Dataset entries

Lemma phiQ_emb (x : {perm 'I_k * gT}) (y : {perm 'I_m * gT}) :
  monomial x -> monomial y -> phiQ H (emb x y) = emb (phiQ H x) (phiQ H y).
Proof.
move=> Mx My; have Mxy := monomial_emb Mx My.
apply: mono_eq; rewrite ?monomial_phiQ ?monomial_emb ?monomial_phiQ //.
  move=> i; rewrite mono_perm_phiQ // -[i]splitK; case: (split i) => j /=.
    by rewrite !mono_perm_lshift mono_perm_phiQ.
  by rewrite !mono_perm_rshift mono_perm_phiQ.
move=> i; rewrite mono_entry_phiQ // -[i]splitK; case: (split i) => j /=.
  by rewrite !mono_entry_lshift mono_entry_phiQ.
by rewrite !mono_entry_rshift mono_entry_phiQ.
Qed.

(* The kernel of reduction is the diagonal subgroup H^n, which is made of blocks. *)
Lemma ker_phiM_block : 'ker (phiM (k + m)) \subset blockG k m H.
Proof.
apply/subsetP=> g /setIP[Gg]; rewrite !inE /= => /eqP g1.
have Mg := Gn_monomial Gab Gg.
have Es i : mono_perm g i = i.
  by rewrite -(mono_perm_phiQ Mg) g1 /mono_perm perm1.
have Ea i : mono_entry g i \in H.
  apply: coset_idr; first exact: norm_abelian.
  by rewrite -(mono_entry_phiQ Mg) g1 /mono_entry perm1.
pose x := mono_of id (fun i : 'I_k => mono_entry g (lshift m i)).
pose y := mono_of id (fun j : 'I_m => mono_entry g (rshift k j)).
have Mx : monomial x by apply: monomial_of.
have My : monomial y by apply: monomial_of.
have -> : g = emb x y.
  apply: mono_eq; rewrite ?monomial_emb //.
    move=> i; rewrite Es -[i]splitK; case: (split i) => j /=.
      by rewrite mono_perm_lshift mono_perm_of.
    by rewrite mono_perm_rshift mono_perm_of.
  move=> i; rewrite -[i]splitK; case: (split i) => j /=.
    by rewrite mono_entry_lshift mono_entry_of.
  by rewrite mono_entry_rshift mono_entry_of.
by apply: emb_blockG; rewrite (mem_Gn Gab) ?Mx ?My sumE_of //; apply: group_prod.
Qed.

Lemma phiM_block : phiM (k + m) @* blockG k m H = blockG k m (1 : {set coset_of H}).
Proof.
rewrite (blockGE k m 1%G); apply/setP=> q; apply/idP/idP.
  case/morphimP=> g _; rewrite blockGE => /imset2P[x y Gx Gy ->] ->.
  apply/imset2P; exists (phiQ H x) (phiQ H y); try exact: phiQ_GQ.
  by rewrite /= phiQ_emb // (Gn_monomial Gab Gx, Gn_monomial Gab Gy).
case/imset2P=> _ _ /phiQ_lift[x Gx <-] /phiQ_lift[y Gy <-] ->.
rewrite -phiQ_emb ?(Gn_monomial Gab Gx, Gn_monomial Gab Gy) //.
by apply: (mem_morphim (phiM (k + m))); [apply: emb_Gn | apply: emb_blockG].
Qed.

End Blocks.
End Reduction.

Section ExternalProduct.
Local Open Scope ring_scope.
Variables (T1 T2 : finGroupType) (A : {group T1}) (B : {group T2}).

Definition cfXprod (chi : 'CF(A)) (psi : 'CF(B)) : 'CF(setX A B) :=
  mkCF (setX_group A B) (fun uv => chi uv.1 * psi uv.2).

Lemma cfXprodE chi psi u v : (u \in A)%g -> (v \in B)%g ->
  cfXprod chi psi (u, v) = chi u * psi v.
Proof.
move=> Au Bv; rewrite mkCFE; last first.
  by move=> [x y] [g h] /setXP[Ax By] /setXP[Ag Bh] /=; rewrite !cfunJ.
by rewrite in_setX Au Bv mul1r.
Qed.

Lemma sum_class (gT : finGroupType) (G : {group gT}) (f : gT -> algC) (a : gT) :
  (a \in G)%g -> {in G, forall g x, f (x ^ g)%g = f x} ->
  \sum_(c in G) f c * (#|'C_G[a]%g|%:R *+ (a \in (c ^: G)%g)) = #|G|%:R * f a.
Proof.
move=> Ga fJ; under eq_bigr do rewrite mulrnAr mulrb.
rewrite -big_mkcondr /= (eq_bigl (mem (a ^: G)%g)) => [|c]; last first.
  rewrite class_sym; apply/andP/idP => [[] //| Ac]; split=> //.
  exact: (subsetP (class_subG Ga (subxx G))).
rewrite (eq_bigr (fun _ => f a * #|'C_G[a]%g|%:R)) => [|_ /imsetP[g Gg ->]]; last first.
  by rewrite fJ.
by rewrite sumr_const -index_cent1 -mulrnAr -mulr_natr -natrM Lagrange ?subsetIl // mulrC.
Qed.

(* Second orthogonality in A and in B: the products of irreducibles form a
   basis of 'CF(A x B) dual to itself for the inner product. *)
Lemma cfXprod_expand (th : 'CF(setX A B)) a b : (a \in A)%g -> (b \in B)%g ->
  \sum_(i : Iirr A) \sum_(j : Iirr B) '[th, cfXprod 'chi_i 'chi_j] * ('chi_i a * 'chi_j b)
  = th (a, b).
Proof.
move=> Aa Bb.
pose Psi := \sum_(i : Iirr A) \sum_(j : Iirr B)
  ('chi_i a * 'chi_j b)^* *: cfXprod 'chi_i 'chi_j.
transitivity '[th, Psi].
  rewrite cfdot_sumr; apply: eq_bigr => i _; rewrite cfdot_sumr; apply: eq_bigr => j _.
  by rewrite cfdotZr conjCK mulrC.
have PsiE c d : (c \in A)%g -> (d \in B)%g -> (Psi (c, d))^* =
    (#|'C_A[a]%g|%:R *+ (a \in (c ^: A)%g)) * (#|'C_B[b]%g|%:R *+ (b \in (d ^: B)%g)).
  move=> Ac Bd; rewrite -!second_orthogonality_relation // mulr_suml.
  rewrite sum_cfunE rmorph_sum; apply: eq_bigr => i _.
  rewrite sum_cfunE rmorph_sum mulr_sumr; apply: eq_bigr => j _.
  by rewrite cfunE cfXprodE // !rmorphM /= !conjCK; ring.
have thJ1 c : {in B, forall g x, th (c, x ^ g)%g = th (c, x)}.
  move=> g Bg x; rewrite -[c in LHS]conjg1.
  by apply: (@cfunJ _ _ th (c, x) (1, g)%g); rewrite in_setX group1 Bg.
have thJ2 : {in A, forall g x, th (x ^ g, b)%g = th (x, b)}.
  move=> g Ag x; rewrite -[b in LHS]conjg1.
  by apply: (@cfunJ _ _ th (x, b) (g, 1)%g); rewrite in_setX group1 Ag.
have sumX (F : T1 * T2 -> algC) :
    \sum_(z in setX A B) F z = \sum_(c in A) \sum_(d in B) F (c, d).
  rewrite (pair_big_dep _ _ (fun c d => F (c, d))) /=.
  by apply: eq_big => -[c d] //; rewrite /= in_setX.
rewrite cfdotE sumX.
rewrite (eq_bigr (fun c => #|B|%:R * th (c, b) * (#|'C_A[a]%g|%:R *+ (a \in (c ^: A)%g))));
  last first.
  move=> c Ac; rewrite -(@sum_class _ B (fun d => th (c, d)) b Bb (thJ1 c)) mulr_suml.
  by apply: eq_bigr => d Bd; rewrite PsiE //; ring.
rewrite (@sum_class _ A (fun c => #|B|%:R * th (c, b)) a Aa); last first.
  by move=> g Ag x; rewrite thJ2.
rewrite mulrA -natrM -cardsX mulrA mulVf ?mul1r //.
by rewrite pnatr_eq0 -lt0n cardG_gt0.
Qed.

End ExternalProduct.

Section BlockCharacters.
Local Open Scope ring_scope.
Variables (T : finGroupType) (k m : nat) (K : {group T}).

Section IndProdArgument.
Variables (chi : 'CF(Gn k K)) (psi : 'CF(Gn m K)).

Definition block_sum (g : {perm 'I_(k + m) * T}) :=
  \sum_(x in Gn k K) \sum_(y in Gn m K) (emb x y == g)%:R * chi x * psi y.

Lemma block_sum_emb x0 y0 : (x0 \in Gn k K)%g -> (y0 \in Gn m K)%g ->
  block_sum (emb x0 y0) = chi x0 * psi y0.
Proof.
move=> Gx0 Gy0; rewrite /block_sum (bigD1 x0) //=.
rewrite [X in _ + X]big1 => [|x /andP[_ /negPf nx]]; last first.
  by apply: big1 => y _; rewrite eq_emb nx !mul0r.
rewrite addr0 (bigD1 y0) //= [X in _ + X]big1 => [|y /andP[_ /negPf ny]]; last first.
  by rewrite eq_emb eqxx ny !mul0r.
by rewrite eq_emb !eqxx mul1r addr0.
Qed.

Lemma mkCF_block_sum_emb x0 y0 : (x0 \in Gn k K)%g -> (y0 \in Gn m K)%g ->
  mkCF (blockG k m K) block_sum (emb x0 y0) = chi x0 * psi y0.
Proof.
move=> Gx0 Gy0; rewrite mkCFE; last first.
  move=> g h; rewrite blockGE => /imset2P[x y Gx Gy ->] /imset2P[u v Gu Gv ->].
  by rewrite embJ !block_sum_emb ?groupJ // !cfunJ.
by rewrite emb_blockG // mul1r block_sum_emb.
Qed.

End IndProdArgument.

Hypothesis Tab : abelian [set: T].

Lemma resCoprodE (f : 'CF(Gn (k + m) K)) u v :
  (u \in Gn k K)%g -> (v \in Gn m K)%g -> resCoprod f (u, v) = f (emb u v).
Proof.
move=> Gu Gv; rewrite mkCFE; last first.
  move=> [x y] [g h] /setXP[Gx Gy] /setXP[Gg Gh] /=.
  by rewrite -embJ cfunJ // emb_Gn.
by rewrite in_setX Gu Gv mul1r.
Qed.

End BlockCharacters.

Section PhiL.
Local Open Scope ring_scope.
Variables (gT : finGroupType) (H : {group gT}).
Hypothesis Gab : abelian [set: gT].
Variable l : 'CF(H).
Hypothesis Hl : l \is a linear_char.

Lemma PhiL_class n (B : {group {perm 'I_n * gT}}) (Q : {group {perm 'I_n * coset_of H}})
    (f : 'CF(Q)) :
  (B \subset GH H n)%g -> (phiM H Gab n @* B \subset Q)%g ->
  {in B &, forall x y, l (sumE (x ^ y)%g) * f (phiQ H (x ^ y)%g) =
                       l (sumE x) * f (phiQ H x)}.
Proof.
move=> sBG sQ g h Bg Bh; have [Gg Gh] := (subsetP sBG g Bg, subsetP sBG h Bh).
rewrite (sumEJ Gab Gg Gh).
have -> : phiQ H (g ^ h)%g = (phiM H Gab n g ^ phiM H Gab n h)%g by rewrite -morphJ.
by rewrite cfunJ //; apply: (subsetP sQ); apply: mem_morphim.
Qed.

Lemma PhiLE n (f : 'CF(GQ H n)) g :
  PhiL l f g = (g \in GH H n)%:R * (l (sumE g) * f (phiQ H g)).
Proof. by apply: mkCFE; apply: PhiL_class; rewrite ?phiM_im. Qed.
...
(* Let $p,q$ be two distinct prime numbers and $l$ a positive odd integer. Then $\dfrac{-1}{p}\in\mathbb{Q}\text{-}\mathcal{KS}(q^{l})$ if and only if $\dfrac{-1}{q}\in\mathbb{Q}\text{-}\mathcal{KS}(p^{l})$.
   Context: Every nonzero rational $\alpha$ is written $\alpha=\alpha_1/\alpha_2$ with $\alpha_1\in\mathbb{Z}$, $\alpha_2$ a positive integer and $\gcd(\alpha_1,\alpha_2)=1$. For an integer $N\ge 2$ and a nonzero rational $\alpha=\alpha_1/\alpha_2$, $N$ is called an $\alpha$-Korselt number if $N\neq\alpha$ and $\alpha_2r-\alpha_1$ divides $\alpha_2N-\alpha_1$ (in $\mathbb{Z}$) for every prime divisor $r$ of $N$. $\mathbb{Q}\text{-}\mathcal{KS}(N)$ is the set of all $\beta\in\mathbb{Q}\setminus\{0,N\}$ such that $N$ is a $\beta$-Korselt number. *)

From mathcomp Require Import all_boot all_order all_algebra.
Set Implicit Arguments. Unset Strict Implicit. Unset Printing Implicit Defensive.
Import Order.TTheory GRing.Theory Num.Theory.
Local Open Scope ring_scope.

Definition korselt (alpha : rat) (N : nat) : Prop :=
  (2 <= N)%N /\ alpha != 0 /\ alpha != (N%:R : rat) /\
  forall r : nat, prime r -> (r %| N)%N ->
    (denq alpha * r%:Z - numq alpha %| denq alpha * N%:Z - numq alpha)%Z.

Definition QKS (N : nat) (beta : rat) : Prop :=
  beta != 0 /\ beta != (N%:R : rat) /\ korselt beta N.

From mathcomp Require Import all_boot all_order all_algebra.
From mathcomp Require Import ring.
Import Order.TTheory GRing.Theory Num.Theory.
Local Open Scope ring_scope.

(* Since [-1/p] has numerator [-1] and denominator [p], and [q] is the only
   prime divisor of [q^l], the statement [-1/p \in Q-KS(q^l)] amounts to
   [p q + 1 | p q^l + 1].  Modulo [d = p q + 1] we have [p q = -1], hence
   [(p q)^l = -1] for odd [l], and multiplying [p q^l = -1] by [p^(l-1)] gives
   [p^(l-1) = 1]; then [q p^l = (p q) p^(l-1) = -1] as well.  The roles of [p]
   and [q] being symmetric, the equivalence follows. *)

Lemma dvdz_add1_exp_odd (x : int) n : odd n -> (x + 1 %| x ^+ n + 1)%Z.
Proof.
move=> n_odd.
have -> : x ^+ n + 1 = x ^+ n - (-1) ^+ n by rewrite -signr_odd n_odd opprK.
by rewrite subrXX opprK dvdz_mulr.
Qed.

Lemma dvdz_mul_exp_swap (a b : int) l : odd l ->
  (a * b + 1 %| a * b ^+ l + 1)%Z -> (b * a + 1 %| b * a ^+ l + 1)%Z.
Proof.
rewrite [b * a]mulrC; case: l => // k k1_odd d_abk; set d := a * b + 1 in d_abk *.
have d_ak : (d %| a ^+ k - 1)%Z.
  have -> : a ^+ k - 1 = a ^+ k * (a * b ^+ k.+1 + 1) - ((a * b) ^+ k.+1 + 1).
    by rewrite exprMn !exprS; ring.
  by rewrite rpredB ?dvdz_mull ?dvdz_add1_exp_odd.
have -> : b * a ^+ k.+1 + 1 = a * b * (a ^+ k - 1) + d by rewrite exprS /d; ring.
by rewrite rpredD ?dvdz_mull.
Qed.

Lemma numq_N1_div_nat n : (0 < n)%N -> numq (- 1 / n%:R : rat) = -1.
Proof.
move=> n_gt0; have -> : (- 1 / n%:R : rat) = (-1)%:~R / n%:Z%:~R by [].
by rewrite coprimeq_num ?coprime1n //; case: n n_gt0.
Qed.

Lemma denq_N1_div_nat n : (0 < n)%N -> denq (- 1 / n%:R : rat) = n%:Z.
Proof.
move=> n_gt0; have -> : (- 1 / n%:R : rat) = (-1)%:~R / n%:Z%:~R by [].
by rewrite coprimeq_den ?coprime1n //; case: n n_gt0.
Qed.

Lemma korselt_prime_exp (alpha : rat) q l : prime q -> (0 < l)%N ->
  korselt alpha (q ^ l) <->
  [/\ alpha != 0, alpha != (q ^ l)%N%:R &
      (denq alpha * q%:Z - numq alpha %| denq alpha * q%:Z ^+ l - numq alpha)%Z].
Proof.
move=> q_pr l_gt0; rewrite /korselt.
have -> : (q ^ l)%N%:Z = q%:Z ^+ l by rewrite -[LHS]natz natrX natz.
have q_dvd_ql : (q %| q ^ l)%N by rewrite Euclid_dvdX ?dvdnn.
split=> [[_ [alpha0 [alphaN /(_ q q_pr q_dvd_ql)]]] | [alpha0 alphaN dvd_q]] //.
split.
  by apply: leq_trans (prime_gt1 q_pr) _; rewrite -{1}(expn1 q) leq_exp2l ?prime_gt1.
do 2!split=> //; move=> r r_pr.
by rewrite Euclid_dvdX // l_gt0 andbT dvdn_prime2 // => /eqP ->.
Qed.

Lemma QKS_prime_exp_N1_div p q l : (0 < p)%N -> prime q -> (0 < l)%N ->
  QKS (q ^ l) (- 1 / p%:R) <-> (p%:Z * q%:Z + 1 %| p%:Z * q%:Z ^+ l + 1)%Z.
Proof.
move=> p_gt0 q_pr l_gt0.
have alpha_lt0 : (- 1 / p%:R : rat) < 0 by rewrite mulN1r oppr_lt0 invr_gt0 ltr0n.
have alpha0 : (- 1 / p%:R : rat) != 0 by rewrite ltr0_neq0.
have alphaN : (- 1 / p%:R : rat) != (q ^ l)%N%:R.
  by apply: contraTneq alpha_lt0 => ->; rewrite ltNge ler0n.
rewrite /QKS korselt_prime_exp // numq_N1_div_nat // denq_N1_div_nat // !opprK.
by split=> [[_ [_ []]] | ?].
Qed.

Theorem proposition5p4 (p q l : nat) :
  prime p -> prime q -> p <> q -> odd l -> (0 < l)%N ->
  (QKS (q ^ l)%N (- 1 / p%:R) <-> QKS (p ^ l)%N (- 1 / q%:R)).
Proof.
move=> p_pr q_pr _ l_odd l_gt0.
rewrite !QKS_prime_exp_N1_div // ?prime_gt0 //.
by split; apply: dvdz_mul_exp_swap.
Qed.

- **THE TASK**:
All lines above between those holding "rewrite (sumEJ Gab Gg Gh)." and "PhiL l f g = (g", inclusive, must be set down unchanged, and no other line may be included.

- **EXERCISE OUTPUT**:
rewrite (sumEJ Gab Gg Gh).
have -> : phiQ H (g ^ h)%g = (phiM H Gab n g ^ phiM H Gab n h)%g by rewrite -morphJ.
by rewrite cfunJ //; apply: (subsetP sQ); apply: mem_morphim.
Qed.

Lemma PhiLE n (f : 'CF(GQ H n)) g :
  PhiL l f g = (g \in GH H n)%:R * (l (sumE g) * f (phiQ H g)).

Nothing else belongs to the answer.